Lemma sierp_entry_diag m i : (i < 2 ^ m)%N -> sierp_entry m i i.
Proof.
elim: m i => [|m IH] i // lti /=; rewrite expnS in lti.
by have [ltim|leim] := ltnP i (2 ^ m); rewrite IH //; lia.
Qed.

Lemma sierp_entry_anti m i j : (i < 2 ^ m)%N -> (j < 2 ^ m)%N ->
  sierp_entry m i j -> sierp_entry m j i -> i = j.
Proof.
elim: m i j => [|m IH] i j lti ltj /=; first by rewrite expn0 in lti ltj; lia.
rewrite expnS in lti ltj.
have [ltim|leim] := ltnP i (2 ^ m); have [ltjm|lejm] := ltnP j (2 ^ m) => //=.
- exact: IH.
- by move=> sij sji; have := IH (i - 2 ^ m) (j - 2 ^ m); lia.
Qed.

Lemma sierpinskiE k (i j : 'I_(2 ^ k)) :
  sierpinski k i j = (sierp_entry k i j : nat)%:R%R.
Proof.
elim: k i j => [|k IH] i j.
  by rewrite /= mxE !ord1.
rewrite /= castmxE.
set i' := cast_ord _ i; set j' := cast_ord _ j.
rewrite -[nat_of_ord i]/(nat_of_ord i') -[nat_of_ord j]/(nat_of_ord j').
case: (split_ordP i') => a ->; case: (split_ordP j') => b -> /=.
- by rewrite block_mxEul IH.
- by rewrite block_mxEur mxE.
- by rewrite block_mxEdl IH addKn.
- by rewrite block_mxEdr IH !addKn.
Qed.

Lemma cardsU_disjoint (T : finType) (A B : {set T}) :
  A :&: B = set0 -> #|A :|: B| = (#|A| + #|B|)%N.
Proof. by move=> AB0; rewrite -cardsUI AB0 cards0 addn0. Qed.

Definition shift T (h : nat) (F : nat -> T) (j : nat) : T := F (j + h).

Section Counting.

Variables (n : nat) (C : lcircuit n).
Hypotheses (wfC : wf_circuit C) (cfC : cancellation_free C).

Definition hits m (X : nat -> 'I_n) (v : nat) : bool :=
  [exists j : 'I_(2 ^ m), kappa C v (X j)].

Definition essential m (X : nat -> 'I_n) (g : 'I_(csize C)) : bool :=
  hits m X (cleft C g) && hits m X (cright C g).

Definition below_node (g v : nat) : bool :=
  [forall j, kappa C (n + g) j ==> kappa C v j].

Definition below m (O : nat -> nat) (g : 'I_(csize C)) : bool :=
  [exists i : 'I_(2 ^ m), below_node g (O i)].

Definition counted_gates m X O : {set 'I_(csize C)} :=
  [set g | essential m X g && below m O g].

Definition crossing_gates m X O : {set 'I_(csize C)} :=
  [set g in counted_gates m.+1 X O |
     hits m (shift (2 ^ m) X) (n + g) && ~~ essential m (shift (2 ^ m) X) g].

Definition sierp_pattern m (X : nat -> 'I_n) (O : nat -> nat) : Prop :=
  (forall i, (i < 2 ^ m)%N -> (O i < n + csize C)%N) /\
  (forall i j, (i < 2 ^ m)%N -> (j < 2 ^ m)%N -> kappa C (O i) (X j) = sierp_entry m i j).

Lemma hits_at m X v j : (j < 2 ^ m)%N -> kappa C v (X j) -> hits m X v.
Proof. by move=> ltj kvj; apply/existsP; exists (Ordinal ltj). Qed.

Section Reindex.

Variables (m m' : nat) (f : nat -> nat).
Hypothesis f_bound : forall j, (j < 2 ^ m)%N -> (f j < 2 ^ m')%N.

Lemma hits_reindex X v : hits m (fun j => X (f j)) v -> hits m' X v.
Proof. by case/existsP=> j; apply: hits_at (f_bound (ltn_ord j)). Qed.

Lemma below_reindex O g : below m (fun i => O (f i)) g -> below m' O g.
Proof. by case/existsP=> i bgi; apply/existsP; exists (Ordinal (f_bound (ltn_ord i))). Qed.

Lemma counted_gates_reindex X O :
  counted_gates m (fun j => X (f j)) (fun i => O (f i)) \subset counted_gates m' X O.
Proof.
apply/subsetP=> g; rewrite !inE /essential => /andP[/andP[hl hr] bg].
by rewrite !hits_reindex // below_reindex.
Qed.

End Reindex.

Lemma hits_gate m Y (g : 'I_(csize C)) :
  hits m Y (n + g) = hits m Y (cleft C g) || hits m Y (cright C g).
Proof.
apply/idP/idP.
  case/existsP=> j; rewrite kappa_gate //.
  by case: (kappa C (cleft C g) _) / idP => [kl _|_ kr]; apply/orP; [left|right];
    apply: hits_at (ltn_ord j) _.
case/orP=> /existsP[j kj]; apply: hits_at (ltn_ord j) _; apply: kappa_cedge kj => //.
  exact: cedge_left.
exact: cedge_right.
Qed.

Section Pattern.

Variables (m : nat) (X : nat -> 'I_n) (O : nat -> nat).
Hypothesis patXO : sierp_pattern m.+1 X O.

Let expS_double : 2 ^ m.+1 = 2 ^ m + 2 ^ m.
Proof. by rewrite expnS mul2n addnn. Qed.

Lemma sierp_pattern_ul : sierp_pattern m X O.
Proof.
have [ltO kO] := patXO; rewrite expS_double in ltO kO.
by split=> [i lti|i j lti ltj]; [apply: ltO | rewrite kO ?sierp_entry_ul //]; lia.
Qed.

Lemma sierp_pattern_dr : sierp_pattern m (shift (2 ^ m) X) (shift (2 ^ m) O).
Proof.
have [ltO kO] := patXO; rewrite expS_double in ltO kO.
by split=> [i lti|i j lti ltj]; [apply: ltO | rewrite /shift kO ?sierp_entry_dr //]; lia.
Qed.

Lemma below_misses_right g j : below m O g -> (j < 2 ^ m)%N ->
  ~~ kappa C (n + g) (X (j + 2 ^ m)).
Proof.
have [_ kO] := patXO; rewrite expS_double in kO.
case/existsP=> i /forallP/(_ (X (j + 2 ^ m)))/implyP bgi ltj; apply/negP=> /bgi.
have lti := ltn_ord i.
by rewrite kO ?sierp_entry_ur //; lia.
Qed.

Lemma crossing_gate_exists i : (i < 2 ^ m)%N ->
  exists g : 'I_(csize C), [&& g \in crossing_gates m X O, kappa C (n + g) (X i)
                              & below_node g (O (i + 2 ^ m))].
Proof.
move=> lti; have [ltO kO] := patXO; rewrite expS_double in ltO kO.
set Y := shift (2 ^ m) X.
have kOX : kappa C (O (i + 2 ^ m)) (X i).
  by rewrite kO ?sierp_entry_dl ?sierp_entry_diag //; lia.
have inputs_apart : ~~ hits m Y (X i).
  apply/existsP; case=> -[j ltj]; rewrite kappa_input // => /eqP/val_inj XiYj.
  have := kO i (j + 2 ^ m) ltac:(lia) ltac:(lia).
  by rewrite -[X _]/(Y j) -XiYj kO ?sierp_entry_ur ?sierp_entry_ul ?sierp_entry_diag //; lia.
have hitsO : hits m Y (O (i + 2 ^ m)).
  by apply: (hits_at lti); rewrite /Y /shift kO ?sierp_entry_dr ?sierp_entry_diag //; lia.
have RXO := creach_of_kappa wfC (ltO (i + 2 ^ m) ltac:(lia)) kOX.
have [u [u' [Ru nu Eu Yg Rg]]] := creach_cross (P := hits m Y) RXO inputs_apart hitsO.
have [g Eu' child] := cedge_gate Eu; subst u'.
have kui : kappa C u (X i) by apply: implyP (cfC Ru (X i)) _; rewrite kappa_input.
have hitsXu : hits m.+1 X u by apply: hits_at kui; rewrite expS_double; lia.
have hitsXY v : hits m Y v -> hits m.+1 X v.
  by apply: (hits_reindex (f := addn^~ (2 ^ m))) => j; rewrite expS_double; lia.
have ltim : (i + 2 ^ m < 2 ^ m.+1)%N by rewrite expS_double; lia.
have essX : essential m.+1 X g.
  move: (Yg); rewrite hits_gate /essential.
  by case/orP: child => /eqP Eug; rewrite -Eug (negbTE nu) hitsXu ?orbF ?andbT; apply: hitsXY.
have nessY : ~~ essential m Y g.
  by rewrite /essential; case/orP: child => /eqP <-; rewrite (negbTE nu) ?andbF.
have below_g : below_node g (O (i + 2 ^ m)) by apply/forallP; apply: cfC Rg.
exists g; rewrite !inE (kappa_cedge cfC Eu kui) Yg essX nessY below_g !andbT /=.
by apply/existsP; exists (Ordinal ltim).
Qed.

Lemma crossing_gates_card : (2 ^ m <= #|crossing_gates m X O|)%N.
Proof.
have [_ kO] := patXO; rewrite expS_double in kO.
have [f Hf] := fin_all_exists (fun i : 'I_(2 ^ m) => crossing_gate_exists (ltn_ord i)).
have entry g (i i' : 'I_(2 ^ m)) :
    kappa C (n + g) (X i) -> below_node g (O (i' + 2 ^ m)) -> sierp_entry m i' i.
  move=> kgi /forallP/(_ (X i))/implyP/(_ kgi).
  have lti := ltn_ord i; have lti' := ltn_ord i'.
  by rewrite kO ?sierp_entry_dl //; lia.
have f_inj : injective f.
  move=> i i' Ef; have := Hf i; have := Hf i'; rewrite Ef.
  move=> /and3P[_ ki' bi'] /and3P[_ ki bi]; apply/val_inj.
  exact: sierp_entry_anti (ltn_ord i) (ltn_ord i') (entry _ _ _ ki' bi) (entry _ _ _ ki bi').
rewrite -[leqLHS]card_ord -(card_imset _ f_inj); apply: subset_leq_card.
by apply/subsetP=> _ /imsetP[i _ ->]; case/and3P: (Hf i).
Qed.

End Pattern.

Lemma counted_gates_lower_bound m X O :
  sierp_pattern m X O -> (m * 2 ^ m <= 2 * #|counted_gates m X O|)%N.
Proof.
elim: m X O => [|m IH] X O patXO; first by rewrite mul0n.
set Y := shift (2 ^ m) X.
set G1 := counted_gates m X O; set G2 := counted_gates m Y (shift (2 ^ m) O).
set G3 := crossing_gates m X O.
have expS_double : 2 ^ m.+1 = 2 ^ m + 2 ^ m by rewrite expnS mul2n addnn.
have sub : G1 :|: G2 :|: G3 \subset counted_gates m.+1 X O.
  rewrite !subUset; apply/andP; split; first (apply/andP; split).
  - by apply: (counted_gates_reindex (f := id)) => j; rewrite expS_double; lia.
  - by apply: (counted_gates_reindex (f := addn^~ (2 ^ m))) => j; rewrite expS_double; lia.
  - by apply/subsetP=> g; rewrite inE => /andP[].
have G1_G2 : G1 :&: G2 = set0.
  apply/setP=> g; rewrite !inE /essential.
  apply/negbTE/negP=> /andP[/andP[_ bg] /andP[/andP[/existsP[j kj] _] _]].
  have := below_misses_right patXO bg (ltn_ord j).
  by rewrite (kappa_cedge cfC (cedge_left _) kj).
have G1_G3 : G1 :&: G3 = set0.
  apply/setP=> g; rewrite !inE.
  apply/negbTE/negP=> /andP[/andP[_ bg] /andP[_ /andP[/existsP[j kj] _]]].
  by have := below_misses_right patXO bg (ltn_ord j); rewrite kj.
have G2_G3 : G2 :&: G3 = set0.
  apply/setP=> g; rewrite !inE.
  by apply/negbTE/negP=> /andP[/andP[eg _] /andP[_ /andP[_ neg]]]; rewrite eg in neg.
have := subset_leq_card sub.
rewrite !cardsU_disjoint ?setIUl ?G1_G3 ?G2_G3 ?setU0 //.
have := IH _ _ (sierp_pattern_ul patXO); have := IH _ _ (sierp_pattern_dr patXO).
have := crossing_gates_card patXO; rewrite expS_double -/G1 -/G2 -/G3; lia.
Qed.

End Counting.

Lemma bool_F2_inj (a b : bool) : ((a : nat)%:R = (b : nat)%:R :> 'F_2)%R -> a = b.
Proof. by case: a; case: b. Qed.

Theorem theorem4 (k : nat) : (2 <= k)%N ->
  forall C : lcircuit (2 ^ k),
    wf_circuit C -> cancellation_free C -> computes C (sierpinski k) ->
    (k * 2 ^ k <= 2 * csize C)%N.
Proof.
move=> _ C wfC cfC compC.
have pos : (2 ^ k).-1.+1 = 2 ^ k by rewrite prednK // expn_gt0.
pose X j : 'I_(2 ^ k) := cast_ord pos (inord j).
have XE j : (j < 2 ^ k)%N -> X j = j :> nat by move=> ltj; rewrite /= inordK // pos.
have pattern : sierp_pattern C k X (fun i => cout C (X i)).
  split=> [i _|i j lti ltj]; first by case: wfC.
  by apply: bool_F2_inj; rewrite -compC sierpinskiE !XE.
apply: leq_trans (counted_gates_lower_bound wfC cfC pattern) _.
by rewrite leq_mul2l (leq_trans (max_card _)) ?card_ord ?orbT.
Qed.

● ● ● ● ●

◆ Task to complete
Starting with the line with "- by apply: (counted_gates_reindex (f := addn^~" above and going on through the line with "Lemma bool_F2_inj (a", transcribe every line exactly, both ends included, and add nothing.

◆ Problem solution
  - by apply: (counted_gates_reindex (f := addn^~ (2 ^ m))) => j; rewrite expS_double; lia.
  - by apply/subsetP=> g; rewrite inE => /andP[].
have G1_G2 : G1 :&: G2 = set0.
  apply/setP=> g; rewrite !inE /essential.
  apply/negbTE/negP=> /andP[/andP[_ bg] /andP[/andP[/existsP[j kj] _] _]].
  have := below_misses_right patXO bg (ltn_ord j).
  by rewrite (kappa_cedge cfC (cedge_left _) kj).
have G1_G3 : G1 :&: G3 = set0.
  apply/setP=> g; rewrite !inE.
  apply/negbTE/negP=> /andP[/andP[_ bg] /andP[_ /andP[/existsP[j kj] _]]].
  by have := below_misses_right patXO bg (ltn_ord j); rewrite kj.
have G2_G3 : G2 :&: G3 = set0.
  apply/setP=> g; rewrite !inE.
  by apply/negbTE/negP=> /andP[/andP[eg _] /andP[_ /andP[_ neg]]]; rewrite eg in neg.
have := subset_leq_card sub.
rewrite !cardsU_disjoint ?setIUl ?G1_G3 ?G2_G3 ?setU0 //.
have := IH _ _ (sierp_pattern_ul patXO); have := IH _ _ (sierp_pattern_dr patXO).
have := crossing_gates_card patXO; rewrite expS_double -/G1 -/G2 -/G3; lia.
Qed.

End Counting.

Lemma bool_F2_inj (a b : bool) : ((a : nat)%:R = (b : nat)%:R :> 'F_2)%R -> a = b.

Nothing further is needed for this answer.